Possible skin contaminants were low on the first day and then remained stable. This may be explained by a higher skill level in emergency medicine personnel (versus those on wards) when drawing blood cultures13. Another explanation for the higher proportion of possible contaminants during ICU stays (i.e., excluding the day zero) may be the collection of blood through intravascular catheters, which are more prone to contamination14,15. Trends of possible contaminants should be interpreted with caution: we did not perform a patient-based assessment for possible contamination and possible contaminants should not be considered as proven blood culture contaminations.

Our study has several limitations. First, we performed an analysis of a microbiological database and clinical data were unavailable to us (e.g., baseline comorbidities, reasons for admission, ICU admission date and reason, source of BSI and antibiotic treatment) and recommendations on BSI management could not be derived from this database. Second, Switzerland is a low-prevalence country regarding multidrug-resistant microorganisms and our data cannot be easily generalized to other countries. Third, we defined fungemic BSI episodes as resistant to first class antibiotics: formally, the epidemiology of fungemia cannot be equated with the epidemiology of bacteremia. However, we performed a sensitivity analysis excluding fungi which showed similar trends. Fourth, we performed simple descriptive analyses without adjustment for other confounders; moreover, we did not provide a more sophisticated risk prediction analysis and related score. Fifth, a selection bias could have been introduced when restricting the analysis to BSI with known acquisition relative to hospitalization duration.
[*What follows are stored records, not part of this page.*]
Lemma codim1_cap X Z : subspace X -> subspace Z ->
  codim1 Z (addsp X Z) -> codim1 (X `&` Z) X.
Proof.
move=> sX sZ [_ [_ [[x [z [Xx [Zz ->]]]] [nZv hv]]]].
have nZx : ~ Z x by move=> Zx; apply: nZv; apply: subspaceD.
split; first by move=> ? [].
exists x; split=> //; split; first by case.
move=> x' Xx'; have [a [z' [Zz' e]]] := hv x' (addsp_subl sZ Xx').
exists a, (x' - a *: x); split; last by rewrite addrC subrK.
split; first by apply: subspaceB => //; exact: subspaceZ.
have -> : x' - a *: x = a *: z + z' by rewrite e scalerDr addrAC [a *: x + _]addrC addrK.
exact: subspace_lin.
Qed.

Lemma adjacent_codim1_cap X Y : subspace X -> subspace Y ->
  adjacent X Y -> codim1 (X `&` Y) X.
Proof. by move=> sX sY [_]; apply: codim1_cap. Qed.

Definition linear_on X (f : V -> V) :=
  forall a x y, X x -> X y -> f (a *: x + y) = a *: f x + f y.

Lemma linear_on0 X f : subspace X -> linear_on X f -> f 0 = 0.
Proof.
move=> sX lf; have := lf 1 0 0 (subspace0 sX) (subspace0 sX).
by rewrite !scale1r addr0 => e; apply: (addrI (f 0)); rewrite addr0 -e.
Qed.

Lemma linear_onZ X f a x : subspace X -> linear_on X f -> X x -> f (a *: x) = a *: f x.
Proof.
by move=> sX lf Xx; have := lf a x 0 Xx (subspace0 sX); rewrite addr0 (linear_on0 sX lf) addr0.
Qed.

Lemma linear_onB X f x y : subspace X -> linear_on X f -> X x -> X y ->
  f (x - y) = f x - f y.
Proof.
by move=> sX lf Xx Xy; rewrite addrC -scaleN1r lf // scaleN1r addrC.
Qed.

Definition linear_form (lam : V -> K) := forall a x y, lam (a *: x + y) = a * lam x + lam y.

Lemma linear_form0 lam : linear_form lam -> lam 0 = 0.
Proof.
move=> fl; have := fl 1 0 0; rewrite scale1r mul1r addr0 => e.
by apply: (addrI (lam 0)); rewrite addr0 -e.
Qed.

Lemma linear_formD lam x y : linear_form lam -> lam (x + y) = lam x + lam y.
Proof. by move=> fl; have := fl 1 x y; rewrite scale1r mul1r. Qed.

Lemma linear_formZ lam a x : linear_form lam -> lam (a *: x) = a * lam x.
Proof. by move=> fl; have := fl a x 0; rewrite addr0 linear_form0 // addr0. Qed.

Lemma linear_formB lam x y : linear_form lam -> lam (x - y) = lam x - lam y.
Proof. by move=> fl; rewrite addrC -scaleN1r fl mulN1r addrC. Qed.

Definition free2 v w := forall b c, b *: v + c *: w = 0 -> b = 0 /\ c = 0.

Definition free3 u v w :=
  forall a b c, a *: u + b *: v + c *: w = 0 -> [/\ a = 0, b = 0 & c = 0].

Lemma free3_swap12 u v w : free3 u v w -> free3 v u w.
Proof. by move=> h a b c e; have [] := h b a c; [rewrite (addrC (b *: u))|]. Qed.

Lemma free3_swap23 u v w : free3 u v w -> free3 u w v.
Proof. by move=> h a b c e; have [] := h a c b; [rewrite addrAC|]. Qed.

Lemma free3_free2 u v w : free3 u v w -> free2 u v.
Proof. by move=> h b c e; have [] := h b c 0; [rewrite scale0r addr0|]. Qed.

Lemma free3_elim u v w k l : free3 u v w -> free2 (v - k *: u) (w - l *: u).
Proof.
move=> h b c e; have [] := h (- (b * k + c * l)) b c => //.
by rewrite -e !scalerBr !scalerA scaleNr scalerDl opprD [RHS]addrACA addrC addrA.
Qed.

End Subspaces.

Arguments subspace_zero {K V}.

Section DivisionRing.
Variables (K : unitRingType) (V : lmodType K).
Hypothesis divK : division_ring K.
Implicit Types (A E H M N S X Y Z : set V) (p q u v w x y z : V) (a b c : K).

Lemma divr_mulVr a : a <> 0 -> a^-1 * a = 1.
Proof. by move/eqP/divK/mulVr. Qed.

Lemma divr_scalerK a v : a <> 0 -> a^-1 *: (a *: v) = v.
Proof. by move=> a0; rewrite scalerA divr_mulVr // scale1r. Qed.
Finally, the raw number of ICU-BSI episodes decreased during the hospitalization and, therefore proportional trends should be interpreted with caution.


Using data from a large national microbiological database we describe pathogen distribution and bacterial resistance in ICU-BSI during hospitalization. The proportion of enterococcal BSI, candidemia and resistant microorganisms against first and second line antibiotics increased during hospitalization.

Ethics approval

As the analysis was performed on anonymized non-genetic surveillance data, ethical consent was not required according to the Swiss law for research on humans.